PROBLEM DETAILS -
Give again, word for word, each line below starting at the one that contains "by congr (_" and ending at the one that contains "rewrite -big_filter /eval".

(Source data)
>>>

(* Let $\mathcal B$ be the countable set of all finite sequences of positive integers. For each $B=(m_1,\dots,m_k)\in\mathcal B$ choose a tensor $\mathcal T^0_B\in\bigotimes_{i=1}^k\mathbb{C}^{m_i}$, in such a way that the collection of all entries of all the $\mathcal T^0_B$ ($B\in\mathcal B$) is algebraically independent over $\mathbb{Q}$. Then for every tensor network template $(G,c)$ with local ordering $L$, the Version II assignment $v\mapsto\mathcal T^0_{B_v}$ yields a map $\beta(G,c,L;\mathcal T^0)$ whose rank equals $\mathrm{QMF}(G,c,L)$.
   Context: A tensor network template $(G,c)$ consists of a finite undirected graph $G$ with edge set $E$ whose vertex set is partitioned as $S\sqcup T\sqcup V$. Every element of $S$ (inputs) and every element of $T$ (outputs) is an open end of degree $1$; the elements of $V$ are called vertices. For $u\in S\sqcup T$, $e(u)$ denotes the edge incident to $u$. A capacity function $c:E\to\mathbb{Z}_{>0}$ is given, and to each edge $e$ one associates $\mathbb{C}^{c_e}$ with a fixed basis. A local ordering $L$ fixes, at each vertex $v$ of degree $d_v$, an ordering $e(v,1),\dots,e(v,d_v)$ of the incident edge-ends. Given a tensor $\mathcal T_v\in\bigotimes_{i=1}^{d_v}\mathbb{C}^{c_{e(v,i)}}$ at each vertex, let $V_S=\bigotimes_{u\in S}\mathbb{C}^{c_{e(u)}}$ and $V_T=\bigotimes_{u\in T}\mathbb{C}^{c_{e(u)}}$. Contracting the network along all edges gives $\beta\in\mathrm{Hom}(V_S,V_T)$, whose matrix entries are $\langle I_T|\beta|I_S\rangle=\sum_W\prod_{v\in V}(\mathcal T_v)_{W|_v}$. Here $W$ ranges over all assignments of basis indices to all edges that agree with $I_S$ on input edges and $I_T$ on output edges, and $W|_v$ is the tuple of indices on $e(v,1),\dots,e(v,d_v)$. Version II: the valence type of $v$ is the sequence $B_v=(c_{e(v,1)},\dots,c_{e(v,d_v)})$. A Version II assignment chooses one tensor $\mathcal T_B\in\bigotimes_i\mathbb{C}^{m_i}$ for each valence type $B=(m_1,\dots,m_k)$ occurring, and places $\mathcal T_{B_v}$ at each vertex $v$. The result is denoted $\beta(G,c,L;\mathcal T)$, and $\mathrm{QMF}(G,c,L)$ is its maximal rank over all Version II assignments. *)

From HB Require Import structures.
From mathcomp Require Import all_boot all_order all_algebra.
From Stdlib Require Import ClassicalEpsilon.
Set Implicit Arguments. Unset Strict Implicit. Unset Printing Implicit Defensive.
Import Order.TTheory GRing.Theory Num.Theory.
Local Open Scope ring_scope.

(* A tensor network template (G, c), presented through half-edges.
   Nodes are S (inputs) + T (outputs) + V (vertices). *)
Record template := Template {
  tS : finType;
  tT : finType;
  tV : finType;
  tE : finType;
  tend : tE -> bool -> (tS + tT + tV)%type;
  tcap : tE -> nat }.
Arguments tend : clear implicits.
Arguments tcap : clear implicits.

Definition valid_template (G : template) : Prop :=
  [/\ forall e, (0 < tcap G e)%N,
      forall u : tS G,
        #|[pred h : tE G * bool | tend G h.1 h.2 == inl (inl u)]| = 1%N &
      forall u : tT G,
        #|[pred h : tE G * bool | tend G h.1 h.2 == inl (inr u)]| = 1%N].

Definition local_ordering (G : template) (L : tV G -> seq (tE G * bool)) : Prop :=
  forall v, uniq (L v) /\
    forall h : tE G * bool, (h \in L v) = (tend G h.1 h.2 == inr v).

Definition valence (G : template) (L : tV G -> seq (tE G * bool)) (v : tV G)
  : seq nat := [seq tcap G h.1 | h <- L v].

Definition capN (G : template) : nat := (\max_(e : tE G) tcap G e)%N.

(* A Version II assignment is a map Tn : (valence type B) -> tensor T_B, a
   tensor of type B = (m_1..m_k) being given by its entries
   Tn B [:: i_1; ..; i_k] with i_j < m_j (other values are irrelevant). *)

Definition beta_entry (C : numClosedFieldType) (G : template)
  (L : tV G -> seq (tE G * bool)) (Tn : seq nat -> seq nat -> C)
  (IT : {ffun tT G -> 'I_(capN G)}) (IS : {ffun tS G -> 'I_(capN G)}) : C :=
  \sum_(W : {ffun tE G -> 'I_(capN G)} |
          [forall e, (W e < tcap G e)%N] &&
          [forall h : tE G * bool,
             match tend G h.1 h.2 with
             | inl (inl u) => W h.1 == IS u
             | inl (inr u) => W h.1 == IT u
             | inr _ => true
             end])
    \prod_(v : tV G) Tn (valence L v) [seq val (W h.1) | h <- L v].

(* The matrix of beta(G,c,L;Tn), with rows indexed by output index
   assignments and columns by input index assignments (taking values below
   capN G); rows/columns with out-of-range indices are identically zero, so
   the rank equals the rank of beta : V_S -> V_T. *)
Definition beta_mx (C : numClosedFieldType) (G : template)
  (L : tV G -> seq (tE G * bool)) (Tn : seq nat -> seq nat -> C)
  : 'M[C]_(#|{ffun tT G -> 'I_(capN G)}|, #|{ffun tS G -> 'I_(capN G)}|) :=
  \matrix_(i, j) beta_entry L Tn (enum_val i) (enum_val j).

Definition rank_attained (C : numClosedFieldType) (G : template)
  (L : tV G -> seq (tE G * bool)) (k : nat) : Prop :=
  exists Tn : seq nat -> seq nat -> C, \rank (beta_mx L Tn) = k.

Definition rank_attainedb (C : numClosedFieldType) (G : template)
  (L : tV G -> seq (tE G * bool)) (k : nat) : bool :=
  if excluded_middle_informative (rank_attained C L k) then true else false.

Lemma rank_attained_ex (C : numClosedFieldType) (G : template)
  (L : tV G -> seq (tE G * bool)) : exists k, rank_attainedb C L k.
Proof.
exists (\rank (beta_mx L (fun _ _ => (0 : C)))); rewrite /rank_attainedb.
case: excluded_middle_informative => // H; exfalso; apply: H.
by exists (fun _ _ => 0).
Qed.

Lemma rank_attained_bnd (C : numClosedFieldType) (G : template)
  (L : tV G -> seq (tE G * bool)) :
  forall k, rank_attainedb C L k -> (k <= #|{ffun tS G -> 'I_(capN G)}|)%N.
Proof.
move=> k; rewrite /rank_attainedb; case: excluded_middle_informative => // -[Tn Hk] _; rewrite -Hk.
exact: rank_leq_col.
Qed.

Definition QMF (C : numClosedFieldType) (G : template)
  (L : tV G -> seq (tE G * bool)) : nat :=
  ex_maxn (rank_attained_ex C L) (@rank_attained_bnd C G L).

Definition valid_entry (x : seq nat * seq nat) : bool :=
  all (fun m => 0 < m)%N x.1 && all2 (fun i m => i < m)%N x.2 x.1.

(* The entries of all T_B are algebraically independent over Q: no nonzero
   polynomial with rational coefficients (in finitely many variables, each of
   degree < d) vanishes at finitely many distinct entries. *)
Definition alg_indep_entries (C : numClosedFieldType)
  (Tn : seq nat -> seq nat -> C) : Prop :=
  forall (n d : nat) (x : 'I_n -> seq nat * seq nat)
         (p : {ffun {ffun 'I_n -> 'I_d} -> rat}),
    injective x -> (forall j, valid_entry (x j)) ->
    (exists e, p e != 0) ->
    \sum_(e : {ffun 'I_n -> 'I_d})
       ratr (p e) * \prod_(j < n) (Tn (x j).1 (x j).2) ^+ (e j) != 0.

(* Every β(G,c,L;T) is the specialisation of one matrix A whose entries are
   polynomials over Q in variables standing for the finitely many tensor
   entries that occur in the contraction.  If β(G,c,L;T) has a nonzero r×r
   minor, the corresponding minor of A is a nonzero polynomial; algebraic
   independence of the entries of T⁰ keeps it nonzero at T⁰, so
   rank β(G,c,L;T⁰) ≥ rank β(G,c,L;T) for every T, i.e. T⁰ attains QMF. *)

From HB Require Import structures.
From mathcomp Require Import all_boot all_order all_algebra.
From mathcomp Require Import mpoly.
From Stdlib Require Import ClassicalEpsilon.
Set Implicit Arguments. Unset Strict Implicit. Unset Printing Implicit Defensive.
Import Order.TTheory GRing.Theory Num.Theory.
Local Open Scope ring_scope.

Lemma mxrank_minor_exists (F : fieldType) m k (A : 'M[F]_(m, k)) :
  exists (f : 'I_(\rank A) -> 'I_m) (g : 'I_(\rank A) -> 'I_k),
    \det (mxsub f g A) != 0.
Proof.
pose f := maxrankfun A; pose A1 := rowsub f A.
have A1full : row_full A1^T by rewrite /row_full mxrank_tr /A1 /f eq_maxrowsub.
pose g := fullrankfun A1full.
exists f, g; have := fullrowsub_unit A1full; rewrite unitmxE unitfE.
have -> : rowsub g A1^T = (mxsub f g A)^T by apply/matrixP => i j; rewrite !mxE.
by rewrite det_tr.
Qed.

Lemma mxrank_ge_minor (F : fieldType) m k r (A : 'M[F]_(m, k))
    (f : 'I_r -> 'I_m) (g : 'I_r -> 'I_k) :
  \det (mxsub f g A) != 0 -> (r <= \rank A)%N.
Proof.
move=> detA; have : row_free (mxsub f g A).
  by rewrite row_free_unit unitmxE unitfE.
rewrite /row_free => /eqP <-.
have -> : mxsub f g A = rowsub f (colsub g A) by apply/matrixP => i j; rewrite !mxE.
apply: leq_trans (mxrankS (rowsub_sub f _)) _.
rewrite -mxrank_tr -[X in (_ <= X)%N]mxrank_tr.
have -> : (colsub g A)^T = rowsub g A^T by apply/matrixP => i j; rewrite !mxE.
exact: mxrankS (rowsub_sub g _).
Qed.

Lemma mxrank_map_le (R : comNzRingType) (F : fieldType)
    (phi psi : {rmorphism R -> F}) m k (A : 'M[R]_(m, k)) :
  (forall a, psi a = 0 -> phi a = 0) ->
  (\rank (map_mx phi A) <= \rank (map_mx psi A))%N.
Proof.
move=> psi0_phi0; have [f [g]] := mxrank_minor_exists (map_mx phi A).
rewrite -map_mxsub det_map_mx => det_phi.
apply: (mxrank_ge_minor (f := f) (g := g)); rewrite -map_mxsub det_map_mx.
by apply: contra_neq det_phi; apply: psi0_phi0.
Qed.

Section AlgebraicIndependence.
Variables (C : numClosedFieldType) (T0 : seq nat -> seq nat -> C).
Variables (n : nat) (x : 'I_n -> seq nat * seq nat).
Hypotheses (T0_indep : alg_indep_entries T0) (x_inj : injective x)
  (x_valid : forall j, valid_entry (x j)).

Let eval := mmap (@ratr C) (fun j => T0 (x j).1 (x j).2).

(* The monomials of P all have exponents below d := msize P, so P is one of
   the coefficient families quantified over in [alg_indep_entries]. *)
Lemma alg_indep_eval_eq0 (P : {mpoly rat[n]}) : eval P = 0 -> P = 0.
Proof.
apply: contra_eq => P_neq0; set d := msize P.
pose mon (e : {ffun 'I_n -> 'I_d}) : 'X_{1..n} := [multinom val (e i) | i < n].
have mon_inj : injective mon.
  move=> e1 e2 /mnmP eq_mon; apply/ffunP => i; apply/val_inj.
  by have := eq_mon i; rewrite !mnmE.
have mon_surj m : m \in msupp P -> {e | mon e = m}.
  move=> m_supp; have m_lt i : (m i < d)%N.
    apply: leq_ltn_trans (msize_mdeg_lt m_supp).
    by rewrite mdegE (bigD1 i) //= leq_addr.
  by exists [ffun i => Ordinal (m_lt i)]; apply/mnmP => i; rewrite mnmE ffunE.
pose p := [ffun e => P@_(mon e)].
have p_neq0 : exists e, p e != 0.
  move: P_neq0; rewrite -msupp_eq0; case supp: (msupp P) => [|m s] // _.
  have [|e mon_e] := mon_surj m; first by rewrite supp mem_head.
  by exists e; rewrite ffunE mon_e -mcoeff_msupp supp mem_head.
have := T0_indep x_inj x_valid p_neq0; congr (_ != 0).
pose F m := ratr P@_m * mmap1 (fun j => T0 (x j).1 (x j).2) m.
transitivity (\sum_(m <- map mon (index_enum {ffun 'I_n -> 'I_d})) F m).
  rewrite big_map; apply: eq_bigr => e _; rewrite /F ffunE /mmap1.
  by congr (_ * _); apply: eq_bigr => i _; rewrite mnmE.
rewrite -(big_rmcond _ _ (P := fun m => m \in msupp P)); last first.
  by move=> m m_supp; rewrite /F (memN_msupp_eq0 m_supp) rmorph0 mul0r.
rewrite -big_filter /eval /mmap; apply: perm_big; apply: uniq_perm.
- by rewrite filter_uniq // map_inj_uniq // index_enum_uniq.
- exact: msupp_uniq.
move=> m; rewrite mem_filter; case m_supp: (m \in msupp P) => //=.
by have [e <-] := mon_surj m m_supp; rewrite map_f ?mem_index_enum.
Qed.

End AlgebraicIndependence.

Section GenericContraction.
Variables (G : template) (L : tV G -> seq (tE G * bool)).

(* [beta_entry] and [beta_mx] over any commutative ring, so that tensor
   entries may be polynomials. *)
Definition beta_entryR (R : comNzRingType) (Tn : seq nat -> seq nat -> R)
    (IT : {ffun tT G -> 'I_(capN G)}) (IS : {ffun tS G -> 'I_(capN G)}) : R :=
  \sum_(W : {ffun tE G -> 'I_(capN G)} |
          [forall e, (W e < tcap G e)%N] &&
          [forall h : tE G * bool,
             match tend G h.1 h.2 with
             | inl (inl u) => W h.1 == IS u
             | inl (inr u) => W h.1 == IT u
             | inr _ => true
             end])
    \prod_(v : tV G) Tn (valence L v) [seq val (W h.1) | h <- L v].

Definition beta_mxR (R : comNzRingType) (Tn : seq nat -> seq nat -> R)
  : 'M[R]_(#|{ffun tT G -> 'I_(capN G)}|, #|{ffun tS G -> 'I_(capN G)}|) :=
  \matrix_(i, j) beta_entryR Tn (enum_val i) (enum_val j).

Lemma map_beta_mxR (R S : comNzRingType) (phi : {rmorphism R -> S})
    (Tn : seq nat -> seq nat -> R) :
  map_mx phi (beta_mxR Tn) = beta_mxR (fun B s => phi (Tn B s)).
Proof.
apply/matrixP => i j; rewrite !mxE rmorph_sum; apply: eq_bigr => W _.
exact: rmorph_prod.
Qed.

Definition entry_at v (W : {ffun tE G -> 'I_(capN G)}) : seq nat * seq nat :=
  (valence L v, [seq val (W h.1) | h <- L v]).

Lemma eq_beta_mxR (R : comNzRingType) (Tn1 Tn2 : seq nat -> seq nat -> R) :
  (forall v (W : {ffun tE G -> 'I_(capN G)}), [forall e, (W e < tcap G e)%N] ->
     Tn1 (entry_at v W).1 (entry_at v W).2 = Tn2 (entry_at v W).1 (entry_at v W).2) ->
  beta_mxR Tn1 = beta_mxR Tn2.
Proof.
move=> eqT; apply/matrixP => i j; rewrite !mxE.
by apply: eq_bigr => W /andP[W_lt _]; apply: eq_bigr => v _; apply: eqT.
Qed.

Definition used_entries : seq (seq nat * seq nat) :=
  undup [seq entry_at p.1 p.2 | p <- enum [pred p : tV G * {ffun tE G -> 'I_(capN G)} |
                                             [forall e, (p.2 e < tcap G e)%N]]].

Lemma mem_used_entries v (W : {ffun tE G -> 'I_(capN G)}) :
  [forall e, (W e < tcap G e)%N] -> entry_at v W \in used_entries.
Proof.
move=> W_lt; rewrite mem_undup.
by apply: (map_f (fun p => entry_at p.1 p.2) (x := (v, W))); rewrite mem_enum.
Qed.

Lemma used_entries_valid : valid_template G ->
  forall y, y \in used_entries -> valid_entry y.
Proof.
case=> cap_gt0 _ _ y; rewrite mem_undup => /mapP[[v W]]; rewrite mem_enum /= => W_lt ->.
rewrite /valid_entry /=; apply/andP; split.
  by rewrite /valence all_map; apply/allP => h _; apply: cap_gt0.
by rewrite /valence; elim: (L v) => //= h s ->; rewrite andbT (forallP W_lt).
Qed.

Local Notation N := (size used_entries).

Definition used_entry (j : 'I_N) := nth ([::], [::]) used_entries j.

Lemma used_entry_inj : injective used_entry.
Proof.
by move=> i j /eqP; rewrite nth_uniq ?undup_uniq // => /eqP /val_inj.
Qed.

Definition generic_tensor (B s : seq nat) : {mpoly rat[N]} :=
  if insub (index (B, s) used_entries) is Some j then 'X_j else 0.

Lemma eval_generic_beta (C : numClosedFieldType) (Tn : seq nat -> seq nat -> C) :
  map_mx (mmap (@ratr C) (fun j => Tn (used_entry j).1 (used_entry j).2))
         (beta_mxR generic_tensor) = beta_mx L Tn.
Proof.
rewrite map_beta_mxR; apply: eq_beta_mxR => v W W_lt.
have used := @mem_used_entries v W W_lt.
rewrite /generic_tensor; case: insubP => [j _ idx_j|]; last by rewrite index_mem used.
by rewrite /= mmapX mmap1U /used_entry idx_j nth_index.
Qed.

End GenericContraction.

Lemma QMF_maximal (C : numClosedFieldType) (G : template)
    (L : tV G -> seq (tE G * bool)) (T : seq nat -> seq nat -> C) :
  (forall Tn : seq nat -> seq nat -> C, (\rank (beta_mx L Tn) <= \rank (beta_mx L T))%N) ->
  \rank (beta_mx L T) = QMF C L.
Proof.
move=> T_max; rewrite /QMF; case: ex_maxnP => k k_attained k_max.
apply/eqP; rewrite eqn_leq; apply/andP; split.
  apply: k_max; rewrite /rank_attainedb.
  by case: excluded_middle_informative => // -[]; exists T.
move: k_attained; rewrite /rank_attainedb.
by case: excluded_middle_informative => // -[Tn rank_Tn] _; rewrite -rank_Tn.
Qed.

Theorem proposition4p5 (C : numClosedFieldType) (T0 : seq nat -> seq nat -> C) :
  alg_indep_entries T0 ->
  forall (G : template) (L : tV G -> seq (tE G * bool)),
    valid_template G -> local_ordering L ->
    \rank (beta_mx L T0) = QMF C L.
Proof.
(* The argument does not need the local ordering to be well formed. *)
move=> T0_indep G L G_valid _; apply: QMF_maximal => Tn.
rewrite -(eval_generic_beta L Tn) -(eval_generic_beta L T0).
apply: mxrank_map_le => P /alg_indep_eval_eq0 -> //; first exact: rmorph0.
- exact: used_entry_inj.
- by move=> j; apply: (@used_entries_valid G L G_valid); exact: (mem_nth _ (ltn_ord j)).
Qed.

<<<

COMPLETED TASK -
  by congr (_ * _); apply: eq_bigr => i _; rewrite mnmE.
rewrite -(big_rmcond _ _ (P := fun m => m \in msupp P)); last first.
  by move=> m m_supp; rewrite /F (memN_msupp_eq0 m_supp) rmorph0 mul0r.
rewrite -big_filter /eval /mmap; apply: perm_big; apply: uniq_perm.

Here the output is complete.